[Directions for this task] Wherever the string "because" shows up in the records below, return that line.

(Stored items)
____

(* Let [q] be the characteristic polynomial of the Hurwitz-stable minor
   obtained by deleting row and column [j], and [r := char_poly A - 'X * q].
   Multiplying column [j] of [A] by [e > 0] gives the characteristic
   polynomial ['X * q + e * r], whose roots at [e = 0] are [0] and the roots
   of [q].  For small [e] the roots of [q] stay in the open left half-plane,
   while [0] moves to roughly [- e * r.[0] / q.[0]]: [r.[0] > 0] because
   [sign (det A) = (-1)^k], and [q.[0] > 0] because [q] is monic without
   nonnegative real roots.  So [A D] is Hurwitz-stable for
   [D = diag(1, .., e, .., 1)] while [A = A I] is Hurwitz-unstable, and the
   two positive scalings have different inertia.  Quantitatively, a root [z]
   with [Re z >= 0] must have [|z| = O(e)], since [|q.[z]|] grows like
   [(1 + |z|)^(k-1)] on the right half-plane; then the real part of
   [z * q.[z] + e * r.[z] = 0] is dominated by [e * r.[0] > 0]. *)
From Pilot Require Import Defs.
From HB Require Import structures.
From mathcomp Require Import all_boot all_order all_algebra.
From mathcomp Require Import complex polyrcf.
From mathcomp Require Import ring lra.
Set Implicit Arguments. Unset Strict Implicit. Unset Printing Implicit Defensive.
Import Order.TTheory GRing.Theory Num.Theory.
Local Open Scope ring_scope.
Section Split.
Variables (w x : pt) (R K : {set 'I_d}) (s : 'I_d) (m c0 : nat) (lab : pt -> nat).
Hypotheses (labP : cube_partition w R m lab) (c0m : c0 < m).
Hypotheses (sK : s \in K) (KR : K \subset R).
Hypothesis fiber_c0 : [set y in cube w R | lab y == c0] = cube x K.

(* The layer of cube x K through x keeps the label c0; the other k - 1 layers,
   indexed by unlift (x s) of their s-coordinate, get the labels m, ..., m + n - 1. *)
Definition split_label (y : pt) : nat :=
  if y \in cube x K then
    if unlift (x s) (y s) is Some e then m + e else lab y
  else lab y.

Let sub_xK : cube x K \subset cube w R.
Proof. by rewrite -fiber_c0; apply/subsetP => y; rewrite inE => /andP[]. Qed.

Let lab_xK y : y \in cube x K -> lab y = c0.
Proof. by rewrite -fiber_c0 inE => /andP[_ /eqP]. Qed.

Lemma split_label_lt y : y \in cube w R -> split_label y < m + n.
Proof.
move=> yR; have lab_lt := ltn_addr n (labP.1 _ yR).
rewrite /split_label; case: ifP => // _.
by case: (unliftP (x s) (y s)) => [e _|_]; rewrite ?ltn_add2l.
Qed.

Lemma fiber_split_label_old c : c < m ->
  [set y in cube w R | split_label y == c] =
  if c == c0 then cube x (K :\ s) else [set y in cube w R | lab y == c].
Proof.
move=> cm; apply/setP => y; rewrite inE /split_label.
case: (boolP (y \in cube x K)) => yK; last first.
  case: (c =P c0) => [->|_]; last by rewrite inE.
  rewrite -cube_layer_center // inE (negbTE yK); apply/negbTE.
  by apply: contra yK; rewrite -fiber_c0 inE.
rewrite (subsetP sub_xK _ yK) /=.
case: (c =P c0) => [->|/eqP cc0]; last first.
  rewrite eq_sym in cc0; rewrite inE (subsetP sub_xK _ yK) lab_xK // (negbTE cc0) andbF.
  case: (unliftP (x s) (y s)) => [e _|_]; last by rewrite (negbTE cc0).
  by rewrite gtn_eqF // (leq_trans cm (leq_addr _ _)).
rewrite -cube_layer_center // inE yK lab_xK //=.
case: (unliftP (x s) (y s)) => [e ->|->]; last by rewrite !eqxx.
by rewrite gtn_eqF ?ltn_addr // eq_sym (negbTE (neq_lift _ _)).
Qed.

Lemma fiber_split_label_new (e : 'I_n) :
  [set y in cube w R | split_label y == m + e] = cube (upd x s (lift (x s) e)) (K :\ s).
Proof.
rewrite -(cube_layer _ _ sK); apply/setP => y; rewrite !inE /split_label.
case: (boolP (y \in cube x K)) => yK; last first.
  case: (boolP (y \in cube w R)) => //= yR.
  by rewrite (ltn_eqF (ltn_addr _ (labP.1 _ yR))).
rewrite (subsetP sub_xK _ yK) /=.
case: (unliftP (x s) (y s)) => [e' ->|->].
  by rewrite eqn_add2l (inj_eq val_inj) (inj_eq (@lift_inj _ _)).
by rewrite lab_xK // (ltn_eqF (ltn_addr _ c0m)) (negbTE (neq_lift _ _)).
Qed.

Lemma cube_partition_split : cube_partition w R (m + n) split_label.
Proof.
split=> [y|c cmn]; first exact: split_label_lt.
have [cm|mc] := ltnP c m.
  rewrite fiber_split_label_old //; case: eqP => _; last exact: labP.2.
  by exists x, (K :\ s); split=> //; apply: subset_trans KR; apply: subsetDl.
have en : c - m < n by rewrite ltn_subLR.
rewrite -(subnKC mc) -[c - m]/(nat_of_ord (Ordinal en)) fiber_split_label_new.
exists (upd x s (lift (x s) (Ordinal en))), (K :\ s); split=> //.
by apply: subset_trans KR; apply: subsetDl.
Qed.

End Split.

Lemma cube_partition_exists (w : pt) (R : {set 'I_d}) q : 0 < n ->
  q * n + 1 <= k ^ #|R| -> exists lab, cube_partition w R (q * n + 1) lab.
Proof.
move=> n_gt0; elim: q => [_|q IH qR]; first by exists (fun=> 0); apply: cube_partition1.
have mR : q * n + 1 < k ^ #|R| by apply: leq_trans qR; rewrite mulSn; lia.
have [lab labP] := IH (ltnW mR).
have [c0 c0m big] := cube_partition_piece labP mR.
have [x [K [KR fib]]] := labP.2 c0 c0m.
have /card_gt0P [s sK] : 0 < #|K|.
  rewrite lt0n; apply: contraTneq big => /eqP; rewrite cards_eq0 fib => /eqP->.
  by rewrite cube0 cards1.
exists (split_label x K s (q * n + 1) lab).
have -> : q.+1 * n + 1 = q * n + 1 + n by rewrite mulSn; lia.
exact: (cube_partition_split labP c0m sK KR fib).
Qed.
Lemma level_set_neq0 n : level_set n !=set0.
Proof.
have [M M0 xM] := cvg0_bounded x x_cvg; exists M; split => //.
exists (nseq n 0%N); split => [|j]; first by rewrite size_nseq.
by rewrite ltNge xM.
Qed.

Lemma xstar_ge0 n : 0 <= xstar x n.
Proof. by apply: lb_le_inf; [exact: level_set_neq0 | move=> t []]. Qed.

Lemma xstar_le_level n t : level_set n t -> xstar x n <= t.
Proof. by move=> nt; apply: ge_inf => //; exists 0 => s []. Qed.

Lemma xstar_nonincr n : xstar x n.+1 <= xstar x n.
Proof.
apply: lb_le_inf; first exact: level_set_neq0.
move=> t [t0 [s [sn ts]]]; apply: xstar_le_level; split => //.
exists (0%N :: s); split => [|j /ts js]; first by rewrite /= sn.
by rewrite in_cons js orbT.
Qed.

Lemma xstar_ge (L : seq nat) n c : uniq L -> size L = n.+1 ->
  (forall j, j \in L -> c <= `|x j|) -> c <= xstar x n.
Proof.
move=> uL Ln Lc; apply: lb_le_inf; first exact: level_set_neq0.
move=> t [_ [s [sn ts]]]; rewrite leNgt; apply/negP => tc.
have : (size L <= size s)%N.
  by apply: uniq_leq_size => // j /Lc cj; apply: ts; exact: lt_le_trans cj.
by rewrite sn Ln ltnn.
Qed.
(* Consider the complex-valued protocol. Let $\mathcal F$ be a Banach function space compactly and densely embedded in $C(\mathbf X)$, and let $M>0$ be such that $L:=\limsup_{\epsilon\to0}\mathcal H_\epsilon(U_{\mathcal F})/\log^M(1/\epsilon)\in(0,\infty)$. There exists a strategy for Predictor such that for every $F\in C(\mathbf X)$ there is $N_0$ (depending on $F$ but not on Reality's moves) such that for all $N\ge N_0$ and all moves of Reality $$\sum_{n=1}^N|y_n-\mu_n|^2\le\sum_{n=1}^N|y_n-F(x_n)|^2+C_M\inf_{\epsilon\in(0,1]}\left(L\left(\log^+\mathcal A^{\mathcal F}_\epsilon(F)\right)^M+L\log^M\frac1\epsilon+\epsilon N\right),$$ where $C_M$ is a constant depending only on $M$.
   Context: Complex-valued protocol: $\mathbf X$ a nonempty topological space; at each round $n$ Reality announces $x_n\in\mathbf X$, Predictor announces $\mu_n\in\mathbb C$, Reality announces $y_n\in\mathbb C$ with $|y_n|\le1$; a strategy for Predictor maps each history to $\mu_n$. $C(\mathbf X)$: bounded continuous complex-valued functions with the supremum norm. A Banach function space compactly and densely embedded in $C(\mathbf X)$: a linear subspace $\mathcal F\subseteq C(\mathbf X)$, dense in $C(\mathbf X)$ for the supremum norm, with a norm $\|\cdot\|_{\mathcal F}$ making it a Banach space whose unit ball $U_{\mathcal F}$ is compact in $C(\mathbf X)$. Approachability: $\mathcal A^{\mathcal F}_\epsilon(F):=\inf\{\|F^*\|_{\mathcal F}:F^*\in\mathcal F,\ \|F-F^*\|_{C(\mathbf X)}\le\epsilon\}$. $\mathcal H_\epsilon(A)$: $\log_2$ of the minimal size of an $\epsilon$-net of $A$ consisting of points of $A$. $\log=\log_2$; $\log^+t=\log t$ if $t\ge1$, else $0$. *)

From Stdlib Require Import Reals List.
From Coquelicot Require Import Coquelicot.
Open Scope R_scope.

Record topology (X : Type) := Topology {
  is_open : (X -> Prop) -> Prop;
  open_full : is_open (fun _ => True);
  open_inter : forall U V, is_open U -> is_open V -> is_open (fun x => U x /\ V x);
  open_union : forall (I : Type) (U : I -> X -> Prop),
      (forall i, is_open (U i)) -> is_open (fun x => exists i, U i x)
}.
Arguments is_open {X} _ _.

Definition continuous_top {X} (T : topology X) (F : X -> C) : Prop :=
  forall V : C -> Prop, open V -> is_open T (fun x => V (F x)).

Definition CX {X} (T : topology X) (F : X -> C) : Prop :=
  continuous_top T F /\ exists B : R, forall x, Cmod (F x) <= B.

Definition supnorm {X} (F : X -> C) : R :=
  real (Lub_Rbar (fun r => exists x, r = Cmod (F x))).

Definition fadd {X} (f g : X -> C) : X -> C := fun x => Cplus (f x) (g x).
Definition fsub {X} (f g : X -> C) : X -> C := fun x => Cminus (f x) (g x).
Definition fscal {X} (c : C) (f : X -> C) : X -> C := fun x => Cmult c (f x).
Definition fzero {X} : X -> C := fun _ => RtoC 0.

Definition sup_open {X} (T : topology X) (O : (X -> C) -> Prop) : Prop :=
  forall f, O f -> exists r, 0 < r /\
    forall g, CX T g -> supnorm (fsub f g) < r -> O g.
Theorem lemma3p9 (R : realType) (n m : nat)
  (f : 'cV[R]_n -> R) (c : 'cV[R]_n -> 'cV[R]_m) (r : 'cV[R]_n -> R)
  (g : 'cV[R]_n -> 'cV[R]_n) (J : 'cV[R]_n -> 'M[R]_(m, n))
  (kappa_v sigma_c eps_tau xi eta sigma_u alpha0 taum1 : R)
  (x : nat -> 'cV[R]_n) (alpha : nat -> R) (tau : nat -> R)
  (v u : nat -> 'cV[R]_n) :
  (m <= n)%N ->
  (* problem data: f, c continuously differentiable with gradient g, Jacobian J *)
  (forall y, differentiable f y /\ forall h, 'd f y h = dotp (g y) h) ->
  continuous g ->
  (forall y, differentiable c y /\ forall h, 'd c y h = J y *m h) ->
  continuous J ->
  (* r convex, nonnegative *)
  convex_fun r -> (forall y, 0 <= r y) ->
  (* constants *)
  0 < kappa_v -> 0 < sigma_c < 1 -> 0 < eps_tau < 1 -> 0 < xi < 1 -> 0 < eta < 1 ->
  0 < sigma_u <= 2^-1 -> 0 < alpha0 -> 0 < taum1 ->
  (* initialisation *)
  alpha 0%N = alpha0 ->
  (* step 1 *)
  (forall k, (J (x k))^T *m c (x k) != 0 ->
     (exists w : 'cV[R]_m, v k = (J (x k))^T *m w) /\
     enorm (v k) <= kappa_v * alpha k * enorm ((J (x k))^T *m c (x k)) /\
     (exists betac : R,
        0 <= betac <= kappa_v * alpha k /\
        (forall beta : R, 0 <= beta <= kappa_v * alpha k ->
           2^-1 * enorm (c (x k) - betac *: (J (x k) *m (J (x k))^T *m c (x k))) ^+ 2
           <= 2^-1 * enorm (c (x k) - beta *: (J (x k) *m (J (x k))^T *m c (x k))) ^+ 2) /\
        enorm (c (x k) + J (x k) *m v k)
        <= enorm (c (x k) + J (x k) *m (- betac *: ((J (x k))^T *m c (x k)))))) ->
  (forall k, (J (x k))^T *m c (x k) = 0 -> v k = 0) ->
  (* step 2: u_k minimizes the subproblem over the null space of J_k *)
  (forall k, J (x k) *m u k = 0 /\
     forall w : 'cV[R]_n, J (x k) *m w = 0 ->
       dotp (g (x k)) (u k) + (2 * alpha k)^-1 * enorm (u k) ^+ 2 + r (x k + v k + u k)
       <= dotp (g (x k)) w + (2 * alpha k)^-1 * enorm w ^+ 2 + r (x k + v k + w)) ->
  (* step 3: merit parameter update *)
  (forall k,
     let ttr := tau_trial r sigma_c sigma_u (alpha k) (x k) (g (x k)) (c (x k)) (J (x k))
                  (v k) (v k + u k) in
     if ((tau_prev taum1 tau k)%:E <= ttr)%E then tau k = tau_prev taum1 tau k
     else (tau k)%:E = Order.min ((1 - eps_tau) * tau_prev taum1 tau k)%:E ttr) ->
  (* step 4: acceptance test *)
  (forall k,
     let s := v k + u k in
     if merit f r c (tau k) (x k + s)
        <= merit f r c (tau k) (x k)
           - eta * dq r (alpha k) (tau k) (x k) (g (x k)) (c (x k)) (J (x k)) s
     then x k.+1 = x k + s /\ alpha k.+1 = alpha k
     else x k.+1 = x k /\ alpha k.+1 = xi * alpha k) ->
  (* the algorithm does not terminate finitely *)
  (forall k, (J (x k))^T *m c (x k) = 0 -> c (x k) = 0) ->
  (forall k, v k + u k != 0) ->
  (* standing assumption *)
  (exists X : set 'cV[R]_n,
     open X /\ is_convex_set X /\
     (forall k, X (x k)) /\ (forall k, X (x k + (v k + u k))) /\
     (exists lb : R, forall y, X y -> lb <= f y) /\
     (exists K : R, forall y, X y -> enorm (g y) <= K) /\
     (exists L : R, forall y z, X y -> X z -> enorm (g y - g z) <= L * enorm (y - z)) /\
     (exists K : R, forall y, X y -> enorm (c y) <= K) /\
     (exists K : R, forall y h, X y -> enorm (J y *m h) <= K * enorm h) /\
     (exists L : R, forall y z h, X y -> X z ->
        enorm ((J y - J z) *m h) <= L * enorm (y - z) * enorm h) /\
     (exists K : R, forall y z, X y -> is_subgrad r y z -> enorm z <= K)) ->
  (* conclusion *)
  (forall k, (1 <= k)%N -> (J (x k))^T *m c (x k) = 0 ->
     tau_trial r sigma_c sigma_u (alpha k) (x k) (g (x k)) (c (x k)) (J (x k))
       (v k) (v k + u k) = +oo%E /\ tau k = tau k.-1) /\
  (exists eps : R, 0 < eps /\
     forall k, (1 <= k)%N -> (J (x k))^T *m c (x k) != 0 -> tau k < tau k.-1 ->
       eps * enorm ((J (x k))^T *m c (x k)) <= tau k.-1).
Proof.
move=> _ _ _ _ _ r_convex _ kv0 /andP[_ sc1] _ /andP[xi0 xi1] _ /andP[_ su1] al00 _ al_init
  v_step v_zero u_step tau_step acc_step _ _
  [X [X_open [_ [Xx [Xs [_ [[G gG] [_ [[Kc cKc] [[KJ JKJ] [_ [K subK]]]]]]]]]]]].
have al_bnd : forall k, 0 < alpha k <= alpha0.
  rewrite -al_init; apply: backtracking_bounds xi0 (ltW xi1) _ => [|k]; first by rewrite al_init.
  by move: (acc_step k) => /=; case: ifP => _ [_ ->]; [left | right].
have D_le k : Dval r sigma_u (alpha k) (x k) (g (x k)) (v k + u k)
    <= (G + K) * enorm (v k) + enorm (v k) ^+ 2 / alpha k.
  apply: Dval_le r_convex X_open subK (Xs k) (gG _ (Xx k)) _ su1 _ (u_step k).1 (u_step k).2.
    by case/andP: (al_bnd k).
  have [/v_zero ->|W0] := eqVneq ((J (x k))^T *m c (x k)) 0; first by rewrite dotp0l.
  by have [[w ->] _] := v_step k W0; rewrite -dotp_mulmx (u_step k).1 dotp0r.
split=> [[|k] // _ W0|].
  have trial_oo : tau_trial r sigma_c sigma_u (alpha k.+1) (x k.+1) (g (x k.+1))
      (c (x k.+1)) (J (x k.+1)) (v k.+1) (v k.+1 + u k.+1) = +oo%E.
    rewrite /tau_trial (_ : Dval _ _ _ _ _ _ <= 0) //.
    by have := D_le k.+1; rewrite v_zero // enorm0 expr0n /= mul0r mulr0 addr0.
  by split=> //; exact: merit_param_keep (tau_step k.+1) trial_oo.
have [z0 z0_sub] := convex_subgrad_exists (x 0) r_convex.
have GK0 : 0 <= G + K := addr_ge0 (le_trans (enorm_ge0 _) (gG _ (Xx 0)))
  (le_trans (enorm_ge0 _) (subK _ _ (Xx 0) z0_sub)).
have [KJ1 KJ1_gt0 JKJ1] : exists2 K1, 0 < K1 & forall k h, enorm (J (x k) *m h) <= K1 * enorm h.
  exists (Num.max KJ 1) => [|k h]; first by rewrite lt_max ltr01 orbT.
  by rewrite (le_trans (JKJ _ h (Xx k))) // ler_wpM2r ?enorm_ge0 ?le_max ?lexx.
have [Kc1 Kc1_gt0 cKc1] : exists2 K1, 0 < K1 & forall k, enorm (c (x k)) <= K1.
  by exists (Num.max Kc 1) => [|k]; rewrite ?lt_max ?ltr01 ?orbT // le_max cKc.
have [eps eps0 trial_ge] := tau_trial_ge n m sc1 kv0 al00 KJ1_gt0 Kc1_gt0 GK0.
exists eps; split=> // -[|k] // _ W0 /(merit_param_decrease (tau_step k.+1)) trial_lt.
have [_ [v_le v_cauchy]] := v_step k.+1 W0.
have := trial_ge r _ _ _ _ _ _ _ _ (al_bnd k.+1) (JKJ1 k.+1) (cKc1 k.+1) v_le v_cauchy (D_le k.+1).
by move=> /le_lt_trans /(_ trial_lt); rewrite lte_fin => /ltW.
Qed.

____

[Output for this task]
   while [0] moves to roughly [- e * r.[0] / q.[0]]: [r.[0] > 0] because
   [sign (det A) = (-1)^k], and [q.[0] > 0] because [q] is monic without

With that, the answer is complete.